Saved entries
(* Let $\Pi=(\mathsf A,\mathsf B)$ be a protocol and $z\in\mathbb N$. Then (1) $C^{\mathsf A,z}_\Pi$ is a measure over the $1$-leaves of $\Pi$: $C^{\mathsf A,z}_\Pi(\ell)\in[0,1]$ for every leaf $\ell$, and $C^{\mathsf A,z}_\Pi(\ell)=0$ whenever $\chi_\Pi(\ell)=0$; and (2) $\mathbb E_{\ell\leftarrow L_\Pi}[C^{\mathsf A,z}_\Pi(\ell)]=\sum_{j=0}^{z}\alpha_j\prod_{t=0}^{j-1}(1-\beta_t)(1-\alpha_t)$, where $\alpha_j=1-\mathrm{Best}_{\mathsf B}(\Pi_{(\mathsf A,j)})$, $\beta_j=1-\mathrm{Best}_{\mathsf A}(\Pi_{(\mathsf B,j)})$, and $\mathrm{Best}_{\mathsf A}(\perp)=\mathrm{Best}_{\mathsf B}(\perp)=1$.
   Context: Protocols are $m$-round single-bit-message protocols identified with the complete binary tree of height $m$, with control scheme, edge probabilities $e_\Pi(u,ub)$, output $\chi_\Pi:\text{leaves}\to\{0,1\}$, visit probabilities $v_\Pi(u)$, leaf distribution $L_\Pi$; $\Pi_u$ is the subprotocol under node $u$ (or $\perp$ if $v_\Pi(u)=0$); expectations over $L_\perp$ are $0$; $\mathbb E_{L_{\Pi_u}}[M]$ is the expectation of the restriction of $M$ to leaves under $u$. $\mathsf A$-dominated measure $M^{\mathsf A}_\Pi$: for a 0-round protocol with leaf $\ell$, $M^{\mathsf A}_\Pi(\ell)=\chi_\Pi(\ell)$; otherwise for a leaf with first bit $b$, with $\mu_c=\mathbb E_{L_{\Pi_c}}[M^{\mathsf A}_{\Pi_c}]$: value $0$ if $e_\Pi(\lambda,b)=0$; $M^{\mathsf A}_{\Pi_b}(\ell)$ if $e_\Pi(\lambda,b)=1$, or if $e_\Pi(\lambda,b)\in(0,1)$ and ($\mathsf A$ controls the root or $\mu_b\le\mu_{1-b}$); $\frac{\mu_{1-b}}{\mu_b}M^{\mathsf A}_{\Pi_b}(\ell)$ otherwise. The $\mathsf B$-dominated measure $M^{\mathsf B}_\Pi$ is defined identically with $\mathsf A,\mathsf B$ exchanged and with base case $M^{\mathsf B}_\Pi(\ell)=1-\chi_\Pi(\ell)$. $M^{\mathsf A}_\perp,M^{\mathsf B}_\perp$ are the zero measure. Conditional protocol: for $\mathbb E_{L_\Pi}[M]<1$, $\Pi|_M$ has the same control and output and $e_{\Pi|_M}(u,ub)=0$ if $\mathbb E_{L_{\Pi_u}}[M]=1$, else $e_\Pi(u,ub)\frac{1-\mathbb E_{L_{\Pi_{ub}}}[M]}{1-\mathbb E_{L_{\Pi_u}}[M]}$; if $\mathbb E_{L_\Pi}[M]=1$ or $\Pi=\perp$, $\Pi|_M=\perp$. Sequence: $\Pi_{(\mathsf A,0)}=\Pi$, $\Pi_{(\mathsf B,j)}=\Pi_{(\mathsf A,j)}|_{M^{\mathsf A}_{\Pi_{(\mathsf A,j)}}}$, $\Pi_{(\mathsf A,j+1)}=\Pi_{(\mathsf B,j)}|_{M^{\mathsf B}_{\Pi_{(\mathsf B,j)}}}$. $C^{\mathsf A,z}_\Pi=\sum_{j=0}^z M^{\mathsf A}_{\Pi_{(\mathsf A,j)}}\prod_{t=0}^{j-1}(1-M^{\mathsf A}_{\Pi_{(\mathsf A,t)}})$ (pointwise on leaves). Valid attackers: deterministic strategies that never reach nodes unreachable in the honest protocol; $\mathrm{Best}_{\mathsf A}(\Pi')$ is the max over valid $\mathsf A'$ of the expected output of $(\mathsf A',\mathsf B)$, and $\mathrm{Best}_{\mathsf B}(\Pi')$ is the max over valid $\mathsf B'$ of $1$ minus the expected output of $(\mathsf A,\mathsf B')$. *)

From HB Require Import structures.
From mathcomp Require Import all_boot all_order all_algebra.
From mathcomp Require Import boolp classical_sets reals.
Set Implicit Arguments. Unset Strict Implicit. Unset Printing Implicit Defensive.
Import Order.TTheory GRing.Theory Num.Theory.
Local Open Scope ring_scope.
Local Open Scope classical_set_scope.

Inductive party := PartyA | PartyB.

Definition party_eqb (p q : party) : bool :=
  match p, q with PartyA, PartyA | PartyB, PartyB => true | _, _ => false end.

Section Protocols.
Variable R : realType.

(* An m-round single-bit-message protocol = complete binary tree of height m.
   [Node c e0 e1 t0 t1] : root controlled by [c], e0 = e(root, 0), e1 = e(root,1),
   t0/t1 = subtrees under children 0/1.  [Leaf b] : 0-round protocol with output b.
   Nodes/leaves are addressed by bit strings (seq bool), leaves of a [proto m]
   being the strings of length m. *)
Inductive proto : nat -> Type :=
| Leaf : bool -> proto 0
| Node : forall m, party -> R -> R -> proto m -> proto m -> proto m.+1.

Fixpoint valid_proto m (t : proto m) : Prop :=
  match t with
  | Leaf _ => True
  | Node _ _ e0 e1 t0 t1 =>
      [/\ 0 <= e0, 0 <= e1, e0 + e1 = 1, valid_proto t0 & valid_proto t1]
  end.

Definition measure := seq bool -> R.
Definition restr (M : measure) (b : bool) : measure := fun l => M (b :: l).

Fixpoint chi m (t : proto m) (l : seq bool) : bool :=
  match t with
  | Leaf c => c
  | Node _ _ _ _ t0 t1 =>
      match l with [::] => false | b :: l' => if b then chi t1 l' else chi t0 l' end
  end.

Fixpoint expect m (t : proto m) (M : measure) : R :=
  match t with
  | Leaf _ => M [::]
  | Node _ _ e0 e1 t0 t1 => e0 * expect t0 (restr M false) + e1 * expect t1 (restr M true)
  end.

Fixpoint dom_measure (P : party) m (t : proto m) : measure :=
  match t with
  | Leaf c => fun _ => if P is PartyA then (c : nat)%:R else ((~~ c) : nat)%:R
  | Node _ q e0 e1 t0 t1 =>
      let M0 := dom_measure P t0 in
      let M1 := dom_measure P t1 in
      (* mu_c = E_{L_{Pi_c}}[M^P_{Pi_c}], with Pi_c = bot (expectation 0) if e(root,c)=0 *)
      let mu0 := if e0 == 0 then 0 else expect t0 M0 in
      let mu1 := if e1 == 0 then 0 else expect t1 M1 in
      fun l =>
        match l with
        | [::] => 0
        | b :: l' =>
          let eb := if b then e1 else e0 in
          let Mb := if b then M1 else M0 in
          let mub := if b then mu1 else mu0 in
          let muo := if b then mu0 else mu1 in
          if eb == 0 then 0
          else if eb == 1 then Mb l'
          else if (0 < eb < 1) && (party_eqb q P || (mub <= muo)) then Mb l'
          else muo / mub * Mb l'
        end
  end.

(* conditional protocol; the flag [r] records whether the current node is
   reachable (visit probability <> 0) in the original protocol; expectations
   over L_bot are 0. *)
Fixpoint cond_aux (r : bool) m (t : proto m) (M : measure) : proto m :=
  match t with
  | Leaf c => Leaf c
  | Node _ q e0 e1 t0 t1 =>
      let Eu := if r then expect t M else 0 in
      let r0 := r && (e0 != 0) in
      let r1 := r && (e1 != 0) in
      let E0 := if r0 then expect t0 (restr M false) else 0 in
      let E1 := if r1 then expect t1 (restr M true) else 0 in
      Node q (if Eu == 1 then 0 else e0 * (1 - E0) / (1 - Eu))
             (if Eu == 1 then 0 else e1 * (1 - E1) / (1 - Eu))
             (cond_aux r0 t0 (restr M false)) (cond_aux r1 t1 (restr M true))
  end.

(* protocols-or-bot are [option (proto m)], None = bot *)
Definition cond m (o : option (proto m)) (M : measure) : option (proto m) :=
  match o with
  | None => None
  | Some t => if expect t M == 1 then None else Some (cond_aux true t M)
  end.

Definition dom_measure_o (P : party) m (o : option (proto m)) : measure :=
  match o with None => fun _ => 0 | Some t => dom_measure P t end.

--

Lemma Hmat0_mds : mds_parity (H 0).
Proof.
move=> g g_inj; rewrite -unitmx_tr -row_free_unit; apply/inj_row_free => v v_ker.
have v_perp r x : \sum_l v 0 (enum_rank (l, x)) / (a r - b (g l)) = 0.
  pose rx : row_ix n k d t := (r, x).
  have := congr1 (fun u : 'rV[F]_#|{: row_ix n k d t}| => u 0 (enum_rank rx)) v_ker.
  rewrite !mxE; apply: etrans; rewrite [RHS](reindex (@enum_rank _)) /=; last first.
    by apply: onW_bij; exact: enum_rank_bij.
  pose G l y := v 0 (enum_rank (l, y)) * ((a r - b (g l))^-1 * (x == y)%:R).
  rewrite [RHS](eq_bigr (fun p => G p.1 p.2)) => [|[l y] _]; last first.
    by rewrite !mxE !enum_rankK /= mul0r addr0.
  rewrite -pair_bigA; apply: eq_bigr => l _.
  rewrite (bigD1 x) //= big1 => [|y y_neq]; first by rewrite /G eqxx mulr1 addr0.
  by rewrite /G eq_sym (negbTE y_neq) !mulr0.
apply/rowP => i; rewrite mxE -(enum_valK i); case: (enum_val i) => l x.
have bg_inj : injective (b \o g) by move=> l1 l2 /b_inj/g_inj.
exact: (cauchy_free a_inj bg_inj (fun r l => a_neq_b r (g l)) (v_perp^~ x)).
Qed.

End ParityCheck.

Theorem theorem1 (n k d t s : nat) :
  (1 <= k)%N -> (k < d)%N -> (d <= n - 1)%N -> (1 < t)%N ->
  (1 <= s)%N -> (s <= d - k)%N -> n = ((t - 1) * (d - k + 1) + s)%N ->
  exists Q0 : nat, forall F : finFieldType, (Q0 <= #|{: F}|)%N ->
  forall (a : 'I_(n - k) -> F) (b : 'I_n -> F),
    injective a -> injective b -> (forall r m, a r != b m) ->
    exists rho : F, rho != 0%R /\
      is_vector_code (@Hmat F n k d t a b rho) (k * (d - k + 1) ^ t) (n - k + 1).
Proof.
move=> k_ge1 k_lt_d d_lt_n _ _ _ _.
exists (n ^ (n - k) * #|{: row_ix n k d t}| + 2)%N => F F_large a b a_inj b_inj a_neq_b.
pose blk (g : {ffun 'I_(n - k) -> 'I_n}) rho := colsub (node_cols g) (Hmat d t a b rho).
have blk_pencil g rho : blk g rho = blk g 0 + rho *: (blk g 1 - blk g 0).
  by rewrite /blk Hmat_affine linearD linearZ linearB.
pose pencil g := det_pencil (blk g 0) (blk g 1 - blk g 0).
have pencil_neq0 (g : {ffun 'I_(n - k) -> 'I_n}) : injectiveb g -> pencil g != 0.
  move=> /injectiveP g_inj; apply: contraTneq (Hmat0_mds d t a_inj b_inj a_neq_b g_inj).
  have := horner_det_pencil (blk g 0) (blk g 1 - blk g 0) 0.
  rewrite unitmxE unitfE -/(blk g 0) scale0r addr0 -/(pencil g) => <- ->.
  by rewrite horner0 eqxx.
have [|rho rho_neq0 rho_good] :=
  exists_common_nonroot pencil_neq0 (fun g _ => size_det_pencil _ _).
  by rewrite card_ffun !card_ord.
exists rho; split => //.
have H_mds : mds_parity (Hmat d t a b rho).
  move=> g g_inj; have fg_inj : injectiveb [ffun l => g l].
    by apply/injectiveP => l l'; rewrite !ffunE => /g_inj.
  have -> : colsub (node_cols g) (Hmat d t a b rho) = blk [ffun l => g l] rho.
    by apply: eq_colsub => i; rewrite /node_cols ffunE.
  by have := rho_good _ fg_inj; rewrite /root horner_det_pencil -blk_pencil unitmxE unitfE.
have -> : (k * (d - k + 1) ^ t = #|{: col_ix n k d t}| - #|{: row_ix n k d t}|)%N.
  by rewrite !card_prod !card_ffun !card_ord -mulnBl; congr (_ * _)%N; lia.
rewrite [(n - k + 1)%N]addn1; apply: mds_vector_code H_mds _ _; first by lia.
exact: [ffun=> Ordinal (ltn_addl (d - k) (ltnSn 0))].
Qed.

WHAT YOU HAVE TO DO
In the entries above, restate word for word the lines between the one holding "(if Eu == 1 then 0 else e1" and the one holding "match o with None", inclusive, and nothing besides.

SOLUTION TO THIS TASK
             (if Eu == 1 then 0 else e1 * (1 - E1) / (1 - Eu))
             (cond_aux r0 t0 (restr M false)) (cond_aux r1 t1 (restr M true))
  end.

(* protocols-or-bot are [option (proto m)], None = bot *)
Definition cond m (o : option (proto m)) (M : measure) : option (proto m) :=
  match o with
  | None => None
  | Some t => if expect t M == 1 then None else Some (cond_aux true t M)
  end.

Definition dom_measure_o (P : party) m (o : option (proto m)) : measure :=
  match o with None => fun _ => 0 | Some t => dom_measure P t end.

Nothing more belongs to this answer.